» **Assignment**:
Below are the entries to work from; restate word for word the portion that opens with the line containing "by rewrite Hp; [congr ch|..]; arith." and closes with the line containing "per x e d -> (e", keeping both.

» **Records for the task**:
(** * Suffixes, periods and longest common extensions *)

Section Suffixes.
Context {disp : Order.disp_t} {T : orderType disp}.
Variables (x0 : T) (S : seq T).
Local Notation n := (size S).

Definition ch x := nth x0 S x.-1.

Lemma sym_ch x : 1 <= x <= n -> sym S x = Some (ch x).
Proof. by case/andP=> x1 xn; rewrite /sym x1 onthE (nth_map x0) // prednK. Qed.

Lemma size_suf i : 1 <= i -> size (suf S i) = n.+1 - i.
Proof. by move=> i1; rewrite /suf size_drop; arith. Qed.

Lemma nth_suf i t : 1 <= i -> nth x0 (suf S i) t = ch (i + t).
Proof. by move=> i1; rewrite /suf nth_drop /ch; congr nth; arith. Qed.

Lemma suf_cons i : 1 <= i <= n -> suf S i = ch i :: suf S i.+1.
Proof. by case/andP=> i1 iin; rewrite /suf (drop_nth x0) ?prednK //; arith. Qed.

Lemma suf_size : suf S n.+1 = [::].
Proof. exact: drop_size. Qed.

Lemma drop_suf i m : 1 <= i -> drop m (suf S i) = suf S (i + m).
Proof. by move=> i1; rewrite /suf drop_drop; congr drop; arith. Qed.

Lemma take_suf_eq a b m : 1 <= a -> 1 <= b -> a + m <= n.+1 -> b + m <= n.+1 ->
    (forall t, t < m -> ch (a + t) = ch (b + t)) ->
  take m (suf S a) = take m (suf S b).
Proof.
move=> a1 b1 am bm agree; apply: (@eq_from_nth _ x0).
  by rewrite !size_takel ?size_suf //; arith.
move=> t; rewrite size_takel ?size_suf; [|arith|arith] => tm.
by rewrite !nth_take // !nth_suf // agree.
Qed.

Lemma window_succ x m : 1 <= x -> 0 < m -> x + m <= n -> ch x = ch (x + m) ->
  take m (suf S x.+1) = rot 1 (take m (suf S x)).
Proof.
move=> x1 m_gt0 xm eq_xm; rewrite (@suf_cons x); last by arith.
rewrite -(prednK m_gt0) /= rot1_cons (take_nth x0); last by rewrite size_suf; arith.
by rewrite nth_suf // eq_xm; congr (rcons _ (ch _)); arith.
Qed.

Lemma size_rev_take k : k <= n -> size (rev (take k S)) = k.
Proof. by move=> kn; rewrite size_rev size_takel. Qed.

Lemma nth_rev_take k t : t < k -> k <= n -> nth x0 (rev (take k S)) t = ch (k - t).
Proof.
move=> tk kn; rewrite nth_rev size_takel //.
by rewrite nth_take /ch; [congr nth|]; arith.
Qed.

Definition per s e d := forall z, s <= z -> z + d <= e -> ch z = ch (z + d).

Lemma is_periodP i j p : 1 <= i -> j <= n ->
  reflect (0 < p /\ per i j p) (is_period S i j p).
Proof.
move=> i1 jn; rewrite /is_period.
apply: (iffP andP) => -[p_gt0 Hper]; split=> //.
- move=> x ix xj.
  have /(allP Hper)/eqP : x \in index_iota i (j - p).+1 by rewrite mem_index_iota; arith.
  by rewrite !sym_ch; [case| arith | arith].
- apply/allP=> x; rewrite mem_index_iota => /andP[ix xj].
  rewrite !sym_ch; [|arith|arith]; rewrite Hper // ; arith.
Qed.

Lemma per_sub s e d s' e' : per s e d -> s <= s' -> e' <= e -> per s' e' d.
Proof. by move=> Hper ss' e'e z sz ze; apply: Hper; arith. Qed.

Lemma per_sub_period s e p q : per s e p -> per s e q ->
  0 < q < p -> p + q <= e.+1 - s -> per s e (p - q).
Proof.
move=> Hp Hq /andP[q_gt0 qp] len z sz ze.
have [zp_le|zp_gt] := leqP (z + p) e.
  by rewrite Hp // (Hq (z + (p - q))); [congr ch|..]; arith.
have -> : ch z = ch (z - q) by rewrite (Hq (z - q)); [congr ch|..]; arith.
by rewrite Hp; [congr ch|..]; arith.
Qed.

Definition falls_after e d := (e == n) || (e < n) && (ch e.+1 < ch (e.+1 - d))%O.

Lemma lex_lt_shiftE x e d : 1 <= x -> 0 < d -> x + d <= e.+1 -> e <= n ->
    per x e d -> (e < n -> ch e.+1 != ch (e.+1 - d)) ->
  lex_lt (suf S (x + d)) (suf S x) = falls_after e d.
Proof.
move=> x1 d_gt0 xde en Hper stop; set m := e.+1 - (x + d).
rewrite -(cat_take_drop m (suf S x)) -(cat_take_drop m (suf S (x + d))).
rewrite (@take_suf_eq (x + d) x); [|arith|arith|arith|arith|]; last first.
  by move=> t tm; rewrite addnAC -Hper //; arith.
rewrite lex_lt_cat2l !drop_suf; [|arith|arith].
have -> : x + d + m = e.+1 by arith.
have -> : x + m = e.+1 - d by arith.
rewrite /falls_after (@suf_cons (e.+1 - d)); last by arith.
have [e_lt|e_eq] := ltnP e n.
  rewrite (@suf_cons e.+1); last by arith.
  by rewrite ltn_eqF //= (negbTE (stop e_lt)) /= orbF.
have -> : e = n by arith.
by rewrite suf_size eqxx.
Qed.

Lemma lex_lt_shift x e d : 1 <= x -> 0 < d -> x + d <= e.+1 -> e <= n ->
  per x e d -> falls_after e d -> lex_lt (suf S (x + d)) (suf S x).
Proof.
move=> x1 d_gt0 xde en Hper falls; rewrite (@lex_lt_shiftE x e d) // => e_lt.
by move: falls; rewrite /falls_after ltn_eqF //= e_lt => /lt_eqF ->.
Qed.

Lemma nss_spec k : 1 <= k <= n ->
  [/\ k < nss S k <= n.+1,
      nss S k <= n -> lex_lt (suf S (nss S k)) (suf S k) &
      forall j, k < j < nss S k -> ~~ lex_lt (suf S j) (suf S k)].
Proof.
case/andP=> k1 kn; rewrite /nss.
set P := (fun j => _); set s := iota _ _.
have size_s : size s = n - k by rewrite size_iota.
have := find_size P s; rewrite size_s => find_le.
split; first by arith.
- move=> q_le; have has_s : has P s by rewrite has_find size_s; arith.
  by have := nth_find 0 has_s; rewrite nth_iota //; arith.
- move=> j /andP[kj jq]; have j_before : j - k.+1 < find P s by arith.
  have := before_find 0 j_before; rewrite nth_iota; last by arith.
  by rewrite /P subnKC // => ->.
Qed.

» **Solution**:
by rewrite Hp; [congr ch|..]; arith.
Qed.

Definition falls_after e d := (e == n) || (e < n) && (ch e.+1 < ch (e.+1 - d))%O.

Lemma lex_lt_shiftE x e d : 1 <= x -> 0 < d -> x + d <= e.+1 -> e <= n ->
    per x e d -> (e < n -> ch e.+1 != ch (e.+1 - d)) ->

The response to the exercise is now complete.